PROJECT SUMMARY ABSTRACT Inhibitors of the principle kidney glucose transporter, SGLT2, have been shown to slow the progression of chronic kidney disease (CKD) in the presence or absence of diabetes mellitus. However, major knowledge gaps remain in how these drugs act on the kidney. Knowledge gaps include how SGLT2 inhibitors alter kidney microvasculature functions, the tubular system, and kidney metabolism. Features that are observed at the whole-kidney level emerge from events at the microscopic level and treatments have their direct effect at the microscopic level. Microscopic behavior, however, cannot be deduced from whole-kidney behavior and must be observed directly. This cannot be done in humans but can be done in rat and mouse models of human kidney injury using specialized techniques at which the investigators are expert. By these methods this research will determine the effects of SGLT2 inhibitors on the inner workings of the kidney. This includes a proposed relaxation of the efferent arteriole, which may not have any effect on GFR but it always reduces filtration fraction and increases O2 delivery to the kidney. Studies will determine potential for targeting of SGLT1 as a new therapeutic strategy to protect the kidney. We will determine whether SGLT2 inhibitors have off-target effects in the kidney, which have been proposed for the heart. We will compare the metabolomics signature of these drugs in both experimental and clinical samples. And we aim to delineate the metabolomic and proteomic signature of these drugs in the very tubular cells they target, i.e., the early proximal tubule, but also compare these effects with responses in downstream tubular cells exposed to more glucose as a consequence of drug action. Our goal is an integrated understanding how these drugs impinge on the kidney in the healthy and diseased kidney to better understand their therapeutic benefits.
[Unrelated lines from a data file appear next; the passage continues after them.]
(* Let $a,b\ge 2$ be integers and let $G=\mathrm{Sym}(a)\wr\mathrm{Sym}(b)$ with its imprimitive action on $ab$ points. Then \[ \mathbf{m}(G)=\begin{cases} a+b-2 & \text{if } a=3 \text{ and } b \text{ is odd, or } b=3 \text{ and } a \text{ is odd},\\ a+b-1 & \text{otherwise.}\end{cases} \] In particular, if $G$ is a transitive imprimitive permutation group with a block system consisting of $b$ blocks each containing $a$ points, then $\mathbf{m}(G)\le a+b-1$.
   Context: The imprimitive action of $\mathrm{Sym}(a)\wr\mathrm{Sym}(b)$ is on $[a]\times[b]$, with the base group $\mathrm{Sym}(a)^b$ acting coordinatewise within the blocks $[a]\times\{j\}$ and $\mathrm{Sym}(b)$ permuting the blocks. For a transitive permutation group $X$ on a finite set $\Omega$ with $|\Omega|\ge2$, a subset $A\subseteq\Omega$ is self-separable for $X$ if there exists $x\in X$ with $A\cap A^x=\emptyset$; $\mathbf{m}(X)$ is the minimum cardinality of a subset of $\Omega$ that is not self-separable for $X$. *)

From mathcomp Require Import all_boot all_fingroup.
Set Implicit Arguments. Unset Strict Implicit. Unset Printing Implicit Defensive.
Local Open Scope group_scope.

Definition self_separable (T : finType) (X : {set {perm T}}) (A : {set T}) : bool :=
  [exists x in X, A :&: [set x y | y in A] == set0].

(* m(X): minimum cardinality of a subset that is not self-separable.
   (The default #|T| is attained by setT, which is never self-separable
   when T is nonempty.) *)
Definition mX (T : finType) (X : {set {perm T}}) : nat :=
  \big[minn/#|T|]_(A : {set T} | ~~ self_separable X A) #|A|.

Definition wreath_imprim (a b : nat) : {set {perm ('I_a * 'I_b)}} :=
  [set p : {perm ('I_a * 'I_b)} |
     [exists f : {ffun 'I_b -> {perm 'I_a}}, exists s : {perm 'I_b},
        [forall x : 'I_a * 'I_b, p x == (f x.2 x.1, s x.2)]]].

Definition block_system (T : finType) (G : {set {perm T}}) (P : {set {set T}})
  (a b : nat) : Prop :=
  [/\ partition P [set: T], #|P| = b, (forall B, B \in P -> #|B| = a)
    & (forall g B, g \in G -> B \in P -> [set g y | y in B] \in P)].

(* A set A of points of [a] x [b] with column sizes c_j is self-separable for
   Sym(a) wr Sym(b) iff some permutation s of the columns has c_j + c_(s j) <= a
   for every j.  Pairing the i-th largest column with the i-th smallest finds such
   an s unless, for some x + y > a, the columns of size >= x and those of size
   >= y number more than b in total; summing A over these two layers then gives
   |A| >= a + b - 1, and only |A| >= a + b - 2 in the exceptional cases, where
   the (a/2 + 1) x (b/2 + 1) rectangle is the extremal configuration.  A full
   column plus a full row, and in the exceptional cases that rectangle, are not
   self-separable.  For an arbitrary block system, a block together with a
   transversal of the blocks meets each of its images. *)

From mathcomp Require Import all_boot all_fingroup.
From mathcomp Require Import zify.

Set Implicit Arguments.
Unset Strict Implicit.
Unset Printing Implicit Defensive.

Lemma mX_le_card (T : finType) (X : {set {perm T}}) (A : {set T}) :
  ~~ self_separable X A -> mX X <= #|A|.
Proof.
rewrite /mX => nsepA; have : A \in index_enum {set T} by rewrite mem_index_enum.
elim: (index_enum _) => // B r IHr; rewrite inE big_cons.
case/orP => [/eqP <- | /IHr]; first by rewrite nsepA geq_minl.
by case: ifP => // _ le_r_A; rewrite geq_min le_r_A orbT.
Qed.

Lemma mX_ge (T : finType) (X : {set {perm T}}) (n : nat) :
  n <= #|T| -> (forall A : {set T}, #|A| < n -> self_separable X A) -> n <= mX X.
Proof.
move=> le_n_T sepX; apply: (big_ind (fun m => n <= m)) => // [u v|A nsepA].
  by rewrite leq_min => -> ->.
by rewrite leqNgt; apply: contra nsepA => /sepX.
Qed.

Lemma mX_block_system_le (T : finType) (G : {set {perm T}}) (P : {set {set T}}) (a b : nat) :
  0 < b -> block_system G P a b -> mX G <= a + b - 1.
Proof.
move=> b_gt0 [partP cardP cardB blockG].
have /card_gt0P[B0 PB0] : 0 < #|P| by rewrite cardP.
have trX := transversalP partP; set X := transversal P [set: T] in trX *.
have meetX B : B \in P -> #|X :&: B| = 1.
  by case/and3P: trX => _ _ /forall_inP meet1 /meet1/eqP.
apply: (leq_trans (mX_le_card (A := B0 :|: X) _)).
  apply/existsP => -[g /andP[Gg /eqP disj]].
  have /card_gt0P[r] : 0 < #|X :&: [set g x | x in B0]| by rewrite meetX ?blockG.
  rewrite inE => /andP[Xr gB0r].
  have : r \in (B0 :|: X) :&: [set g x | x in B0 :|: X].
    by rewrite !inE Xr orbT (subsetP (imsetS _ (subsetUl B0 X))).
  by rewrite disj inE.
have := cardsU B0 X; rewrite (setIC B0) meetX // (cardB B0) // (card_transversal trX) cardP; lia.
Qed.

Lemma meet_of_card_gt (T : finType) (A B : {set T}) :
  #|T| < #|A| + #|B| -> exists2 x, x \in A & x \in B.
Proof.
move=> lt_T_AB; case: (set_0Vmem (A :&: B)) => [AB0 | [x]]; last first.
  by rewrite inE => /andP[]; exists x.
have /leqifP := leq_card_setU A B; rewrite -setI_eq0 AB0 eqxx => /eqP eq_AB.
by move: (max_card (A :|: B)); rewrite eq_AB leqNgt lt_T_AB.
Qed.

Definition relabel (T : eqType) (u w : seq T) (x : T) : T := nth x w (index x u).

Lemma relabel_inj (T : eqType) (u w : seq T) :
  (forall x, x \in u) -> uniq w -> size u <= size w -> injective (relabel u w).
Proof.
move=> u_full uniq_w le_uw x y; rewrite /relabel.
have lt_w z : index z u < size w by rewrite (leq_trans _ le_uw) ?index_mem.
rewrite (set_nth_default x y (lt_w y)) => /eqP; rewrite nth_uniq // => /eqP.
by apply: (index_inj x).
Qed.

Lemma exists_perm_avoid (T : finType) (U V : {set T}) :
  #|U| + #|V| <= #|T| -> exists f : {perm T}, forall x, x \in U -> f x \notin V.
Proof.
move=> le_UV_T; pose u := enum U ++ enum (~: U); pose w := enum (~: V) ++ enum V.
have u_full x : x \in u by rewrite mem_cat !mem_enum inE orbN.
have uniq_w : uniq w.
  rewrite cat_uniq !enum_uniq andbT /=; apply/hasPn => x.
  by rewrite !mem_enum inE => ->.
have size_w : size w = #|T| by rewrite size_cat -!cardE addnC cardsC.
have size_u : size u = #|T| by rewrite size_cat -!cardE cardsC.
exists (perm (relabel_inj u_full uniq_w (eq_leq (etrans size_u (esym size_w))))).
move=> x Ux; rewrite permE /relabel index_cat mem_enum Ux nth_cat.
have lt_x : index x (enum U) < size (enum (~: V)).
  have := cardsC V; have : index x (enum U) < #|U| by rewrite cardE index_mem mem_enum.
  rewrite -cardE; lia.
rewrite lt_x; set y := nth _ _ _.
have : y \in enum (~: V) by rewrite mem_nth.
by rewrite mem_enum inE.
Qed.

Lemma card_ge_nth_sorted (I : finType) (c : I -> nat) (e : seq I) (x0 : I) (p : nat) :
  sorted (fun i j => c j <= c i) e -> uniq e -> p < size e ->
  p.+1 <= #|[set k | c (nth x0 e p) <= c k]|.
Proof.
move=> sorted_e uniq_e lt_p_e; rewrite cardE.
have <- : size (take p.+1 e) = p.+1 by rewrite size_takel.
apply: uniq_leq_size; first by rewrite take_uniq.
move=> y y_take; rewrite mem_enum inE.
have lt_y : index y (take p.+1 e) < p.+1.
  by rewrite -[X in _ < X](size_takel lt_p_e) index_mem.
rewrite -(nth_index x0 y_take) nth_take //.
have leT_trans : transitive (fun i j => c j <= c i).
  by move=> j i k le_ji le_kj; apply: leq_trans le_kj le_ji.
apply: (sorted_leq_nth leT_trans (fun i => leqnn (c i)) x0 sorted_e) => //.
by rewrite inE (leq_trans lt_y).
Qed.

Lemma exists_perm_add_le (I : finType) (c : I -> nat) (a : nat) :
  (forall x y, a < x + y -> #|[set i | x <= c i]| + #|[set i | y <= c i]| <= #|I|) ->
  exists s : {perm I}, forall i, c i + c (s i) <= a.
Proof.
move=> count_le.
pose e := sort (fun i j => c j <= c i) (enum I).
have e_full i : i \in e by rewrite mem_sort mem_enum.
have uniq_e : uniq e by rewrite sort_uniq enum_uniq.
have size_e : size e = #|I| by rewrite size_sort cardE.
have sorted_e : sorted (fun i j => c j <= c i) e.
  by apply: sort_sorted => i j; apply: leq_total.
have s_inj : injective (relabel e (rev e)).
  by apply: relabel_inj; rewrite ?rev_uniq ?size_rev.
exists (perm s_inj) => i; rewrite permE /relabel leqNgt; apply/negP => /count_le.
have lt_p : index i e < size e by rewrite index_mem.
have lt_q : size e - (index i e).+1 < size e by lia.
rewrite nth_rev // -{1}(nth_index i (e_full i)).
have := card_ge_nth_sorted i sorted_e uniq_e lt_p.
have := card_ge_nth_sorted i sorted_e uniq_e lt_q.
set X := #|[set k | c (nth i e (size e - _)) <= c k]|.
set Y := #|[set k | c (nth i e (index i e)) <= c k]|.
lia.
Qed.

Definition exceptional (a b : nat) : bool := ((a == 3) && odd b) || ((b == 3) && odd a).

Definition m_wreath (a b : nat) : nat := if exceptional a b then a + b - 2 else a + b - 1.

Lemma sum_ge_layers (I : finType) (c : I -> nat) (x y : nat) : y <= x ->
  y * #|[set i | y <= c i]| + (x - y) * #|[set i | x <= c i]| <= \sum_i c i.
Proof.
move=> le_yx; rewrite -!sum1dep_card !big_distrr !(big_mkcond (fun i => _ <= _)) -big_split.
by apply: leq_sum => i _; case: (leqP y (c i)); case: (leqP x (c i)) => /=; lia.
Qed.

Lemma m_wreath_le_layers (a b x y p q : nat) : 2 <= a -> 2 <= b ->
  y <= x <= a -> a < x + y -> p <= q <= b -> b < p + q ->
  m_wreath a b <= y * q + (x - y) * p.
Proof.
move=> a_ge2 b_ge2 /andP[le_yx le_xa] lt_a_xy /andP[le_pq le_qb] lt_b_pq.
have [d def_q] : exists d, q = p + d by exists (q - p); rewrite subnKC.
rewrite {q le_pq}def_q in le_qb lt_b_pq *.
rewrite mulnDr addnAC -mulnDl subnKC //.
case: d => [|d] in le_qb lt_b_pq *.
  have ea := odd_double_half a; have eb := odd_double_half b.
  have : (a./2 + 1) * (b./2 + 1) <= x * p by apply: leq_mul; lia.
  rewrite muln0 addn0 /m_wreath /exceptional.
  by case: ifP; case: (odd a) ea; case: (odd b) eb => //=; nia.
have [p' def_p] : exists p', p = p'.+1 by exists p.-1; lia.
have x_ge2 : 2 <= x by lia.
have y_ge1 : 1 <= y by lia.
have := leq_mul x_ge2 (leqnn p'); have := leq_mul (leqnn d) y_ge1.
rewrite /m_wreath def_p; case: ifP => _; nia.
Qed.

Definition column (a b : nat) (A : {set 'I_a * 'I_b}) (j : 'I_b) : {set 'I_a} :=
  [set i | (i, j) \in A].

Lemma card_columns (a b : nat) (A : {set 'I_a * 'I_b}) : #|A| = \sum_j #|column A j|.
Proof.
rewrite -sum1_card big_mkcond /=.
under [RHS]eq_bigr do rewrite -sum1dep_card big_mkcond /=.
by rewrite exchange_big pair_bigA; apply: eq_bigr => -[i j].
Qed.

Lemma self_separable_wreathP (a b : nat) (A : {set 'I_a * 'I_b}) :
  reflect (exists s : {perm 'I_b}, forall j, #|column A j| + #|column A (s j)| <= a)
          (self_separable (wreath_imprim a b) A).
Proof.
apply: (iffP existsP) => [[p /andP[]] | [s col_le]].
  rewrite inE => /existsP[f /existsP[s /forallP def_p]] /eqP disjA.
  exists s => j; rewrite leqNgt; apply/negP.
  rewrite -(card_imset (column A j) (@perm_inj _ (f j))) -[X in X < _](card_ord a).
  case/meet_of_card_gt => _ /imsetP[i + ->]; rewrite !inE => Aij Afij.
  have : (f j i, s j) \in A :&: [set p y | y in A].
    by rewrite inE Afij -(eqP (def_p (i, j))) imset_f.
  by rewrite disjA inE.
have /fin_all_exists[f f_avoid] j :
    exists g : {perm 'I_a}, forall i, i \in column A j -> g i \notin column A (s j).
  by apply: exists_perm_avoid; rewrite card_ord.
pose g (x : 'I_a * 'I_b) := (f x.2 x.1, s x.2).
have g_inj : injective g by move=> [i j] [i' j'] [] /[swap] /perm_inj <- /perm_inj ->.
exists (perm g_inj); apply/andP; split.
  rewrite inE; apply/existsP; exists [ffun j => f j]; apply/existsP; exists s.
  by apply/forallP => x; rewrite permE ffunE.
apply/eqP/setP => x; rewrite !inE; apply/negP => /andP[Ax /imsetP[[i j] Aij def_x]].
have /f_avoid : i \in column A j by rewrite inE.
by rewrite inE; move: Ax; rewrite def_x permE => ->.
Qed.

Lemma card_ord_lt (n h : nat) : h <= n -> #|[set i : 'I_n | i < h]| = h.
Proof. by move=> le_hn; rewrite -sum1dep_card (big_ord_narrow le_hn) sum1_card card_ord. Qed.

Lemma card_column_le (a b : nat) (A : {set 'I_a * 'I_b}) (j : 'I_b) : #|column A j| <= a.
Proof. by rewrite -[a in _ <= a]card_ord max_card. Qed.

Lemma self_separable_wreath_small (a b : nat) (A : {set 'I_a * 'I_b}) :
  2 <= a -> 2 <= b -> #|A| < m_wreath a b -> self_separable (wreath_imprim a b) A.
Proof.
move=> a_ge2 b_ge2 small_A; apply/self_separable_wreathP.
apply: exists_perm_add_le => x y lt_a_xy; rewrite leqNgt card_ord.
apply: contraL small_A => lt_b_pq; rewrite -leqNgt.
wlog le_yx : x y lt_a_xy lt_b_pq / y <= x.
  by move=> sym; case: (leqP y x) => [|/ltnW]; [apply: sym | apply: sym; lia].
set p := #|[set j | x <= #|column A j|]|; set q := #|[set j | y <= #|column A j|]|.
have {}lt_b_pq : b < p + q := lt_b_pq.
have le_pq : p <= q.
  by apply/subset_leq_card/subsetP => j; rewrite !inE; apply: leq_trans.
have le_qb : q <= b by rewrite -[b in _ <= b]card_ord max_card.
have le_xa : x <= a.
  have /card_gt0P[j] : 0 < p by lia.
  by rewrite inE => /leq_trans; apply; apply: card_column_le.
rewrite card_columns (leq_trans _ (sum_ge_layers _ le_yx)) //.
by apply: m_wreath_le_layers; rewrite ?le_yx ?le_pq.
Qed.

Lemma mX_wreath_le_cross (a b : nat) : 0 < a -> 0 < b ->
  mX (wreath_imprim a b) <= a + b - 1.
Proof.
move=> a_gt0 b_gt0; pose i0 : 'I_a := Ordinal a_gt0; pose j0 : 'I_b := Ordinal b_gt0.
pose A := setX [set: 'I_a] [set j0] :|: setX [set i0] [set: 'I_b].
apply: (leq_trans (mX_le_card (A := A) _)).
  apply/self_separable_wreathP => -[s col_le].
  have full_j0 : column A j0 = [set: 'I_a] by apply/setP => i; rewrite !inE eqxx.
  have := col_le j0; rewrite full_j0 cardsT card_ord -[X in _ <= X]addn0 leq_add2l.
  by rewrite leqn0 cards_eq0 => /eqP/setP/(_ i0); rewrite !inE eqxx orbT.
have : 0 < #|setX [set: 'I_a] [set j0] :&: setX [set i0] [set: 'I_b]|.
  by apply/card_gt0P; exists (i0, j0); rewrite !inE !eqxx.
by have := cardsU (setX [set: 'I_a] [set j0]) (setX [set i0] [set: 'I_b]);
  rewrite /A !cardsX !cardsT !cards1 !card_ord; lia.
Qed.

Lemma mX_wreath_le_rectangle (a b h m : nat) : h <= a -> m <= b -> a < h + h -> b < m + m ->
  mX (wreath_imprim a b) <= h * m.
Proof.
move=> le_ha le_mb lt_a_hh lt_b_mm.
pose H := [set i : 'I_a | i < h]; pose M := [set j : 'I_b | j < m].
have col_rect j : j \in M -> column (setX H M) j = H.
  by rewrite inE => lt_jm; apply/setP => i; rewrite !inE /= lt_jm andbT.
apply: (leq_trans (mX_le_card (A := setX H M) _)); last by rewrite cardsX !card_ord_lt.
apply/self_separable_wreathP => -[s col_le].
have [_ /imsetP[j Mj ->] Msj] : exists2 j', j' \in s @: M & j' \in M.
  by apply: meet_of_card_gt; rewrite card_imset ?card_ord ?card_ord_lt //; apply: perm_inj.
by have := col_le j; rewrite !col_rect // card_ord_lt //; lia.
Qed.

Lemma mX_wreath_ge (a b : nat) : 2 <= a -> 2 <= b -> m_wreath a b <= mX (wreath_imprim a b).
Proof.
move=> a_ge2 b_ge2; apply: mX_ge => [|A]; last exact: self_separable_wreath_small.
by rewrite card_prod !card_ord /m_wreath; case: ifP => _; nia.
Qed.

Lemma mX_wreath_le (a b : nat) : 2 <= a -> 2 <= b -> mX (wreath_imprim a b) <= m_wreath a b.
Proof.
move=> a_ge2 b_ge2; rewrite /m_wreath; case: ifP => [exc | _]; last first.
  by apply: mX_wreath_le_cross; lia.
have ea := odd_double_half a; have eb := odd_double_half b.
apply: (leq_trans (mX_wreath_le_rectangle (h := a./2.+1) (m := b./2.+1) _ _ _ _)); try lia.
by case/orP: exc => /andP[/eqP -> odd_b]; move: odd_b ea eb => /= ->; lia.
Qed.

Theorem theoremE (a b : nat) : 2 <= a -> 2 <= b ->
  mX (wreath_imprim a b) =
    (if ((a == 3) && odd b) || ((b == 3) && odd a) then a + b - 2 else a + b - 1)
  /\
  (forall (T : finType) (G : {group {perm T}}) (P : {set {set T}}),
     [transitive G, on [set: T] | 'P] ->
     block_system G P a b ->
     mX G <= a + b - 1).
Proof.
move=> a_ge2 b_ge2; split.
  change (mX (wreath_imprim a b) = m_wreath a b).
  by apply/eqP; rewrite eqn_leq mX_wreath_le ?mX_wreath_ge.
(* The bound holds for any block system. *)
move=> T G P _; apply: mX_block_system_le; lia.
Qed.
项目总结摘要 主要的肾脏葡萄糖转运蛋白SGLT2的抑制剂已被证明可以减缓糖尿病的进展。 存在或不存在糖尿病的慢性肾病(CKD)。然而，主要的知识差距 继续研究这些药物对肾脏的作用。知识空白包括SGLT2抑制剂如何改变肾脏 微血管功能、肾小管系统和肾脏新陈代谢。观察到的特征 全肾水平产生于微观水平的事件，治疗在 微观层面。然而，微观行为不能从全肾行为中推断出来，必须 直接观察到的。这不能在人类身上完成，但可以在人类肾脏的大鼠和小鼠模型上完成。 使用调查人员擅长的专门技术进行伤害。通过这些方法，本研究将 确定SGLT2抑制剂对肾脏内部工作的影响。这包括一项拟议的 传出小动脉的松弛，这可能不会对GFR有任何影响，但它总是减少滤过 并增加氧气向肾脏的输送。研究将确定将SGLT1作为一种 保护肾脏的新治疗策略。我们将确定SGLT2抑制剂是否有偏离靶点 对肾脏的影响，已被提出对心脏的影响。我们将比较新陈代谢组学特征 这些药物在实验和临床样本中都有。我们的目标是描绘新陈代谢和 这些药物在其靶标的肾小管细胞中的蛋白质组特征，即近端小管的早期，但也 将这些影响与下游肾小管细胞因接触更多葡萄糖而产生的反应进行比较 毒品行动。我们的目标是全面了解这些药物是如何影响健康和 以更好地了解其治疗效果。